Только что я, стесненный плачем, обошел убогонький дом отца, в котором я родился и вырос. Мне объяснили, что его придется продать, дабы избавиться от старых долгов. Тоскливый отзвук этих пустых комнат, наполненных, как мне кажется, тучей давних воспоминаний, послышался глубоко во мне. Мне казалось, что я блуждаю по своей душе, навсегда всеми забытой.
Мой дорогой Жорж, прости мне эти слова. Мне кажется, я никогда не смогу точно объяснить, что ты значишь для безутешного Маршенуара. У меня был старший брат, который умер в юности, в том же году, что и моя мать. Лишь сегодня я обнаружил детские вещи, когда-то принадлежавшие ему. Я уже рассказывал тебе о нем. Его звали Авель, и, несомненно, именно это побудило отца нацепить на меня имя Каин, которым я так горжусь. Я, вероятно, очень любил бы его, будь он живым, но его значение для меня нельзя сравнить с твоим, и я не стал бы называть тебя своим братом по своей воле.
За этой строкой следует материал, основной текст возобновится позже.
(* Let $\omega>0$, $\bar r>0$, $\bar v>0$ and $T>0$ be such that $e^{AT}\begin{bmatrix}-\bar r\\ \bar v\end{bmatrix}=\begin{bmatrix}\bar r\\ \bar v\end{bmatrix}$, where $A=\begin{bmatrix}0&1\\ \omega^2&0\end{bmatrix}$, and let $B=\begin{bmatrix}0\\-\omega^2\end{bmatrix}$. Consider the hybrid system with state $(x,\tau)$, $x=(x_p,x_v)\in\mathbb R^2$, input $u\in\mathbb R$: flow: $\dot x=Ax+Bu$, $\dot\tau=1$, for $(x,\tau)\in\mathcal C\times[-T,2T]$; jump: $x^+=x+\begin{bmatrix}-2\bar r\\0\end{bmatrix}$, $\tau^+=\tau-T$, for $(x,\tau)\in\mathcal D\times[-T,2T]$, where $\mathcal C=[-\bar r,\bar r]\times\mathbb R$ and $\mathcal D=\{x\in\mathcal C: x_p=\bar r\}$. Let $x_r(\tau)=e^{A\tau}\begin{bmatrix}-\bar r\\ \bar v\end{bmatrix}$ and define the tracking error $\varepsilon=(\varepsilon_p,\varepsilon_v)=x-x_r(\tau)$. Then along solutions the tracking error evolves according to the hybrid dynamics $$\dot\varepsilon=A\varepsilon+Bu \ \text{(during flows)},\qquad \varepsilon^+=\varepsilon+\bar r\begin{bmatrix}\eta(\varepsilon_p)+\frac1{\eta(\varepsilon_p)}-2\\[2pt] \omega\Big(\frac1{\eta(\varepsilon_p)}-\eta(\varepsilon_p)\Big)\end{bmatrix}\ \text{(at jumps)},$$ where $\eta(\varepsilon_p):=\dfrac{\varepsilon_p-\bar r+\sqrt{\varepsilon_p^2-2\bar r\varepsilon_p+(\bar v/\omega)^2}}{\bar v/\omega-\bar r}$.
   Context: Solutions of the hybrid system are understood in the standard hybrid-time-domain sense (Goebel–Sanfelice–Teel). It is known (under the stated periodicity condition) that $\bar v/\omega-\bar r>0$, so $\eta$ is well defined and positive. *)

From Stdlib Require Import Reals.
From Coquelicot Require Import Coquelicot.
From mathcomp Require Import all_boot all_algebra.
From mathcomp Require Import Rstruct.
Set Implicit Arguments. Unset Strict Implicit. Unset Printing Implicit Defensive.
Import GRing.Theory.
Local Open Scope ring_scope.

Definition mx2 (a b c d : R) : 'M[R]_2 :=
  \matrix_(i < 2, j < 2)
    if (i == 0 :> nat) then (if (j == 0 :> nat) then a else b)
    else (if (j == 0 :> nat) then c else d).
Definition cv2 (a b : R) : 'cV[R]_2 :=
  \col_(i < 2) if (i == 0 :> nat) then a else b.

Definition mexp (M : 'M[R]_2) : 'M[R]_2 :=
  \matrix_(i < 2, j < 2) Series (fun k => ((M ^+ k) i j / (k`!)%:R)).

Definition Amat (w : R) : 'M[R]_2 := mx2 0 1 (w ^+ 2) 0.
Definition Bvec (w : R) : 'cV[R]_2 := cv2 0 (- w ^+ 2).

Definition xref (w rb vb tau : R) : 'cV[R]_2 :=
  mexp (tau *: Amat w) *m cv2 (- rb) vb.

Definition etaf (w rb vb e : R) : R :=
  ((e - rb + sqrt (e ^+ 2 - 2 * rb * e + (vb / w) ^+ 2)) / (vb / w - rb))%R.

Definition ip : 'I_2 := ord0.        (* position component *)
Definition iv : 'I_2 := ord_max.     (* velocity component *)

From Stdlib Require Import Reals.
From Coquelicot Require Import Coquelicot.
From mathcomp Require Import all_boot all_order all_algebra.
From mathcomp Require Import Rstruct.
From mathcomp Require Import ring lra.
Import Order.TTheory GRing.Theory Num.Theory.
Local Open Scope ring_scope.

(* The matrix Amat w has eigenvalues w and -w, with spectral projectors
   Aproj w and Aproj (-w); hence e^{tA} = e^{wt} Aproj w + e^{-wt} Aproj (-w),
   and x_r is the sum of a growing mode of amplitude amp = (vb/w - rb)/2 and a
   decaying one of amplitude (vb/w + rb)/2.  Since x_r' = A x_r, the error
   obeys the same linear flow as x.  The periodicity condition says that the
   decaying amplitude is E * amp with E = e^{wT}.  At a contact point x_p = rb
   the radicand in eta is then the perfect square (amp (a + E/a))^2, where
   a = e^{w tau}, so eta = E / a; the jump of the error,
   x_r(tau) - x_r(tau - T) - 2 rb e_1, is then rb (eta + 1/eta - 2, w (1/eta - eta)). *)

Lemma ord2P (i : 'I_2) : i = ip \/ i = iv.
Proof. by case: i => [[|[|//]] hi]; [left|right]; apply: val_inj. Qed.

Lemma mx2E (M : 'M[R]_2) : M = mx2 (M ip ip) (M ip iv) (M iv ip) (M iv iv).
Proof.
apply/matrixP => i j; rewrite mxE.
by case: (ord2P i) => ->; case: (ord2P j) => ->.
Qed.

Lemma cv2E (v : 'cV[R]_2) : v = cv2 (v ip 0) (v iv 0).
Proof.
apply/matrixP => i j; rewrite mxE (ord1 j).
by case: (ord2P i) => ->.
Qed.

Lemma mulmx_mx2 (a b c d a' b' c' d' : R) :
  mx2 a b c d *m mx2 a' b' c' d'
  = mx2 (a * a' + b * c') (a * b' + b * d') (c * a' + d * c') (c * b' + d * d').
Proof.
by rewrite [LHS]mx2E; congr mx2; rewrite !mxE !big_ord_recl big_ord0 !mxE /= !addr0.
Qed.

Lemma mulmx_mx2_cv2 (a b c d p q : R) :
  mx2 a b c d *m cv2 p q = cv2 (a * p + b * q) (c * p + d * q).
Proof.
by rewrite [LHS]cv2E; congr cv2; rewrite !mxE !big_ord_recl big_ord0 !mxE /= !addr0.
Qed.

Lemma scale_mx2 (k a b c d : R) : k *: mx2 a b c d = mx2 (k * a) (k * b) (k * c) (k * d).
Proof. by rewrite [LHS]mx2E !mxE. Qed.

Lemma add_mx2 (a b c d a' b' c' d' : R) :
  mx2 a b c d + mx2 a' b' c' d' = mx2 (a + a') (b + b') (c + c') (d + d').
Proof. by rewrite [LHS]mx2E !mxE. Qed.

Lemma mx2_1 : mx2 1 0 0 1 = 1.
Proof. by rewrite [RHS]mx2E !mxE. Qed.

Lemma expr_spectral (K : comPzRingType) (A : lalgType K) (M P Q : A) (y z : K) :
  P + Q = 1 -> P * M = y *: P -> Q * M = z *: Q ->
  forall k, M ^+ k = y ^+ k *: P + z ^+ k *: Q.
Proof.
move=> PQ1 PM QM; elim=> [|k IHk]; first by rewrite !expr0 !scale1r.
by rewrite !exprSr IHk mulrDl -!scalerAl PM QM !scalerA.
Qed.

Lemma is_series_exp (y : R) : is_series (fun k => y ^+ k / (k`!)%:R) (exp y).
Proof.
apply: is_series_ext (is_exp_Reals y) => k.
by rewrite pow_n_pow /scal /= /mult /= RpowE INRE factE RmultE mulrC.
Qed.

Lemma mexp_spectral (M P Q : 'M[R]_2) (y z : R) :
  (forall k, M ^+ k = y ^+ k *: P + z ^+ k *: Q) ->
  mexp M = exp y *: P + exp z *: Q.
Proof.
move=> powM; apply/matrixP => i j; rewrite !mxE; apply: is_series_unique.
have := is_series_plus _ _ _ _ (is_series_scal_r (P i j) _ _ (is_series_exp y))
                               (is_series_scal_r (Q i j) _ _ (is_series_exp z)).
apply: is_series_ext => k.
rewrite powM !mxE /plus /= !RealsE; ring.
Qed.

(* For l = w or l = - w, the spectral projector of Amat w for the eigenvalue l. *)
Definition Aproj (l : R) : 'M[R]_2 := mx2 (1 / 2) (1 / (2 * l)) (l / 2) (1 / 2).

Section Eigenprojections.
Variables (w l : R).
Hypotheses (l0 : l != 0) (l2 : l ^+ 2 = w ^+ 2).

Lemma Aproj_sum : Aproj l + Aproj (- l) = 1.
Proof. by rewrite add_mx2 -mx2_1; congr mx2; rewrite !RealsE /=; field. Qed.

Lemma Aproj_mulA : Aproj l *m Amat w = l *: Aproj l.
Proof. by rewrite mulmx_mx2 scale_mx2 -l2; congr mx2; rewrite !RealsE /=; field. Qed.

Lemma Amat_mulAproj : Amat w *m Aproj l = l *: Aproj l.
Proof. by rewrite mulmx_mx2 scale_mx2 -l2; congr mx2; rewrite !RealsE /=; field. Qed.

End Eigenprojections.

Lemma mexp_Amat (w t : R) : w != 0 ->
  mexp (t *: Amat w) = exp (w * t) *: Aproj w + exp (- (w * t)) *: Aproj (- w).
Proof.
move=> w0; apply: mexp_spectral; apply: expr_spectral.
- exact: Aproj_sum.
- by rewrite -scalerAr -mulmxE Aproj_mulA // scalerA mulrC.
- by rewrite -scalerAr -mulmxE Aproj_mulA ?oppr_eq0 ?sqrrN // scalerA mulrC mulNr.
Qed.

Lemma is_derive_mexp_Amat (w t : R) (v : 'cV[R]_2) (i : 'I_2) : w != 0 ->
  is_derive (fun s : R => (mexp (s *: Amat w) *m v) i 0) t
            ((Amat w *m (mexp (t *: Amat w) *m v)) i 0).
Proof.
move=> w0; set p := Aproj w *m v; set q := Aproj (- w) *m v.
(* Written with the operators of Reals so that auto_derive recognizes it. *)
have modes (s : R) : (mexp (s *: Amat w) *m v) i 0
    = Rplus (Rmult (exp (Rmult w s)) (p i 0)) (Rmult (exp (- (w * s))) (q i 0)).
  by rewrite mexp_Amat // mulmxDl -!scalemxAl !mxE !RealsE.
apply: (is_derive_ext _ _ _ _ (fun s => esym (modes s))).
rewrite mexp_Amat // mulmxDl -!scalemxAl mulmxDr -!scalemxAr !mulmxA.
rewrite !Amat_mulAproj ?oppr_eq0 ?sqrrN // -!scalemxAl -/p -/q !mxE.
by auto_derive => //; rewrite !RealsE /=; ring.
Qed.

Lemma tracking_error_flow (w rb vb : R) (x : R -> 'cV[R]_2) (tau u : R -> R) (t : R) :
  w != 0 ->
  (forall i : 'I_2, is_derive (fun s : R => x s i 0) t ((Amat w *m x t + u t *: Bvec w) i 0)) ->
  is_derive tau t 1 ->
  forall i : 'I_2, is_derive (fun s : R => (x s - xref w rb vb (tau s)) i 0) t
    ((Amat w *m (x t - xref w rb vb (tau t)) + u t *: Bvec w) i 0).
Proof.
move=> w0 hx htau i.
have hxr := is_derive_comp _ _ _ _ _ (is_derive_mexp_Amat w (tau t) (cv2 (- rb) vb) i w0) htau.
apply: (is_derive_ext (fun s => minus (x s i 0) (xref w rb vb (tau s) i 0))).
  by move=> s; rewrite !mxE.
have -> : (Amat w *m (x t - xref w rb vb (tau t)) + u t *: Bvec w) i 0
    = minus ((Amat w *m x t + u t *: Bvec w) i 0) (scal (1 : R) ((Amat w *m xref w rb vb (tau t)) i 0)).
  by rewrite scal_one /minus /plus /opp /= mulmxBr !mxE !RealsE addrAC.
exact: is_derive_minus (hx i) hxr.
Qed.

Lemma exp_gt0 (y : R) : 0 < exp y.
Proof. exact/RltP/exp_pos. Qed.

Lemma exp_neq0 (y : R) : exp y != 0.
Proof. exact: lt0r_neq0 (exp_gt0 y). Qed.

Lemma xrefE (w rb vb tau : R) : w != 0 ->
  xref w rb vb tau =
    cv2 ((vb / w - rb) / 2 * exp (w * tau) - (vb / w + rb) / 2 / exp (w * tau))
        (w * ((vb / w - rb) / 2 * exp (w * tau) + (vb / w + rb) / 2 / exp (w * tau))).
Proof.
move=> w0; rewrite /xref mexp_Amat // mulmxDl -!scalemxAl !mulmx_mx2_cv2 exp_Ropp.
by rewrite [LHS]cv2E !mxE /=; congr cv2; rewrite !RealsE /=; field; rewrite exp_neq0 w0.
Qed.

Lemma exp_mulB (w t T : R) : exp (w * (t - T)) = exp (w * t) / exp (w * T).
Proof. by rewrite -RinvE -exp_Ropp -RmultE -exp_plus; congr exp; rewrite !RealsE; ring. Qed.

Section PeriodicReference.
Variables (w rb vb T : R).
Hypotheses (hw : 0 < w) (hrb : 0 < rb) (hvb : 0 < vb).
Hypothesis hper : mexp (T *: Amat w) *m cv2 (- rb) vb = cv2 rb vb.

Let w0 : w != 0. Proof. exact: lt0r_neq0. Qed.
Let E := exp (w * T).
Let amp := (vb / w - rb) / 2.

Lemma xref_period_gain : vb / w + rb = E * (vb / w - rb).
Proof.
have := congr1 (fun v : 'cV[R]_2 => v ip 0) hper.
rewrite -/(xref w rb vb T) xrefE // !mxE /= -/E !RealsE /= => h0.
have key : (E + 1) * (E * (vb / w - rb) - (vb / w + rb))
         = 2 * E * ((vb / w - rb) / 2 * E - (vb / w + rb) / 2 / E - rb).
  by field; rewrite exp_neq0.
move: key; rewrite h0 subrr mulr0 => /eqP; rewrite mulf_eq0 => /orP[/eqP|].
  by have := exp_gt0 (w * T); rewrite -/E; lra.
by rewrite subr_eq0 => /eqP ->.
Qed.

Lemma amp_gt0 : 0 < amp.
Proof.
have E0 : 0 < E := exp_gt0 _.
have c0 : 0 < vb / w + rb by rewrite addr_gt0 // divr_gt0.
by move: c0; rewrite xref_period_gain pmulr_rgt0 // /amp => c0; rewrite divr_gt0.
Qed.

Lemma rbE : rb = amp * (E - 1).
Proof. by rewrite /amp mulrBr mulr1 mulrAC [_ * E]mulrC -xref_period_gain; field; exact: w0. Qed.

Lemma speedE : vb / w = amp * (E + 1).
Proof. by rewrite /amp mulrDr mulr1 mulrAC [_ * E]mulrC -xref_period_gain; field; exact: w0. Qed.

Lemma xref_periodicE (tau : R) :
  xref w rb vb tau = amp *: cv2 (exp (w * tau) - E / exp (w * tau))
                               (w * (exp (w * tau) + E / exp (w * tau))).
Proof.
rewrite xrefE // !RealsE /= xref_period_gain -mulrA -/amp [RHS]cv2E !mxE /=.
by congr cv2; rewrite /amp /E; field; rewrite exp_neq0 w0.
Qed.

Lemma xref_jump (tau : R) :
  let a := exp (w * tau) in
  xref w rb vb tau - xref w rb vb (tau - T) = rb *: cv2 (a / E + E / a) (w * (a / E - E / a)).
Proof.
move=> a; rewrite !xref_periodicE exp_mulB -/a -/E rbE.
have a0 : a != 0 := exp_neq0 _.
have E0 : E != 0 := exp_neq0 _.
(* Otherwise field unfolds the local definitions and sees rb again. *)
clearbody a E amp.
by rewrite [LHS]cv2E [RHS]cv2E !mxE /=; congr cv2; rewrite !RealsE; field; rewrite a0 E0.
Qed.

Lemma etaf_contact (tau : R) :
  etaf w rb vb (rb - xref w rb vb tau ip 0) = E / exp (w * tau).
Proof.
rewrite /etaf xref_periodicE speedE !mxE /= rbE; set a := exp (w * tau).
have amp0 : 0 < amp := amp_gt0.
have a0 : 0 < a := exp_gt0 _.
have E0 : 0 < E := exp_gt0 _.
rewrite (_ : sqrt _ = amp * (a + E / a)); last first.
  rewrite -[RHS]sqrt_square; last first.
    by apply/RleP; rewrite !RealsE ltW // mulr_gt0 // addr_gt0 // divr_gt0.
  by congr sqrt; clearbody a E amp; rewrite !RealsE /=; field; rewrite lt0r_neq0.
by clearbody a E amp; rewrite !RealsE /=; field; rewrite !lt0r_neq0 //; lra.
Qed.

Lemma tracking_error_jump (x : 'cV[R]_2) (tau : R) :
  x ip 0 = rb ->
  let eps := x - xref w rb vb tau in
  let et := etaf w rb vb (eps ip 0) in
  (x + cv2 (- (2 * rb)) 0) - xref w rb vb (tau - T)
  = eps + rb *: cv2 (et + et^-1 - 2) (w * (et^-1 - et)).
Proof.
move=> xp eps et.
have -> : et = E / exp (w * tau) by rewrite /et -etaf_contact !mxE xp.
have -> : xref w rb vb (tau - T)
          = xref w rb vb tau - (xref w rb vb tau - xref w rb vb (tau - T)) by rewrite subKr.
rewrite xref_jump /eps; set X := xref w rb vb tau; set a := exp (w * tau).
have a0 : a != 0 := exp_neq0 _.
have E0 : E != 0 := exp_neq0 _.
clearbody X a E.
by rewrite [LHS]cv2E [RHS]cv2E !mxE /=; congr cv2; rewrite !RealsE /=; field; rewrite a0 E0.
Qed.

End PeriodicReference.

Theorem lemma1 (w rb vb T : R) (hw : 0 < w) (hrb : 0 < rb) (hvb : 0 < vb) (hT : 0 < T)
  (hper : mexp (T *: Amat w) *m cv2 (- rb) vb = cv2 rb vb) :
  (* flows: along any flowing solution, eps' = A eps + B u *)
  (forall (x : R -> 'cV[R]_2) (tau u : R -> R) (t : R),
      - rb <= x t ip 0 <= rb -> - T <= tau t <= 2 * T ->
      (forall i : 'I_2, is_derive (fun s => x s i 0) t
                          ((Amat w *m x t + u t *: Bvec w) i 0)) ->
      is_derive tau t 1 ->
      forall i : 'I_2,
        is_derive (fun s => (x s - xref w rb vb (tau s)) i 0) t
          ((Amat w *m (x t - xref w rb vb (tau t)) + u t *: Bvec w) i 0))
  /\
  (* jumps: (x,tau) in D x [-T,2T], x^+ = x + [-2rb;0], tau^+ = tau - T *)
  (forall (x : 'cV[R]_2) (tau : R),
      - rb <= x ip 0 <= rb -> x ip 0 = rb -> - T <= tau <= 2 * T ->
      let eps := x - xref w rb vb tau in
      let et := etaf w rb vb (eps ip 0) in
      (x + cv2 (- (2 * rb)) 0) - xref w rb vb (tau - T)
      = eps + rb *: cv2 (et + et^-1 - 2) (w * (et^-1 - et))).
Proof.
split.
- move=> x tau u t _ _; exact: tracking_error_flow (lt0r_neq0 hw).
- move=> x tau _ xp _; exact: tracking_error_jump.
Qed.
Ты – нечто иное, чуть большее или чуть меньшее, я точно не знаю. Ты мой страж и моя крыша, мое всесожжение и равновесие, ты собака на моем пороге, я знаю, кто ты, не больше, чем я знаю, кто я. Но когда придет наш черед и мы умрем, а Господь пожелает создать что-нибудь из нашего праха, то ему, этому архитектору, придется смешать мой прах с твоим и трижды подумать, прежде чем использовать этот странный цемент, который прилипнет к его огненным ладоням!
Ты, несомненно, прав, обвиняя меня в том, что я написал Дюлорье, но очень вероятно, что я не промахнулся. Он счел приличным написать мне ответное письмо, которое позорит его. Разве это не прекрасный исход? Всё, что ты пишешь о нем, он потрудился написать мне сам. Бедный мальчишка кое-как терпит ужас, который я вношу в его жизнь.
Честно признаться, я полагал, что, за неимением великодушия, хорошо мне знакомое состояние ужаса победит его скупость и вынудит его оказать мне ту пустяковую услугу, о которой я просил. Он оказался столь любезен, что посоветовал мне похоронить отца в общей могиле, напомнив о христианском смирении. Чтобы позволить себе такую опрометчивость, надо считать меня совсем пропащим, иначе было бы слишком глупо оскорблять человека, которому не изменяет память и у которого есть перо, чтобы мстить!
Доктора я вообще не планировал впутывать в это дело. Да уж, эти двое достойны того, чтобы холить и лелеять друг друга, эти работорговцы дружбы, бросившие меня за борт во время очередного улова. Если бы я имел успех, дарующий мне величие, они бы бросили к моим ногам все сокровища своей преданности! Разумеется, ты догадываешься, с какой радостью я вернул им их деньги.
Но теперь о другом. Ко мне приходил наш нотариус. Могу предположить, что у него много клиентов, он толстый и весь лоснится, как морской лев. Этот чудик распинался передо мной в бесконечных объяснениях, но из них я понял лишь то, что отец, живший на одну пенсию, оставил после себя только дом и какую-то мебель. И то и другое стоит до пустяков мало, что я и так прекрасно знал. Еще он рассказал мне о долгах, о которых я раньше не слышал. Придется продавать всё, и, кажется, покупатель уже нашелся. Как я догадался, всё это вообще можно провернуть без моего участия. Конечно, за определенное вознаграждение. В общем, я подписал необходимые бумажки, этот чудак подготовил их заранее. Бедняки не имеют права на собственный дом, они не имеют никаких прав, я это знаю, и я облек сердце в самый прочный металл собственной воли, чтобы поставить подпись твердой рукой.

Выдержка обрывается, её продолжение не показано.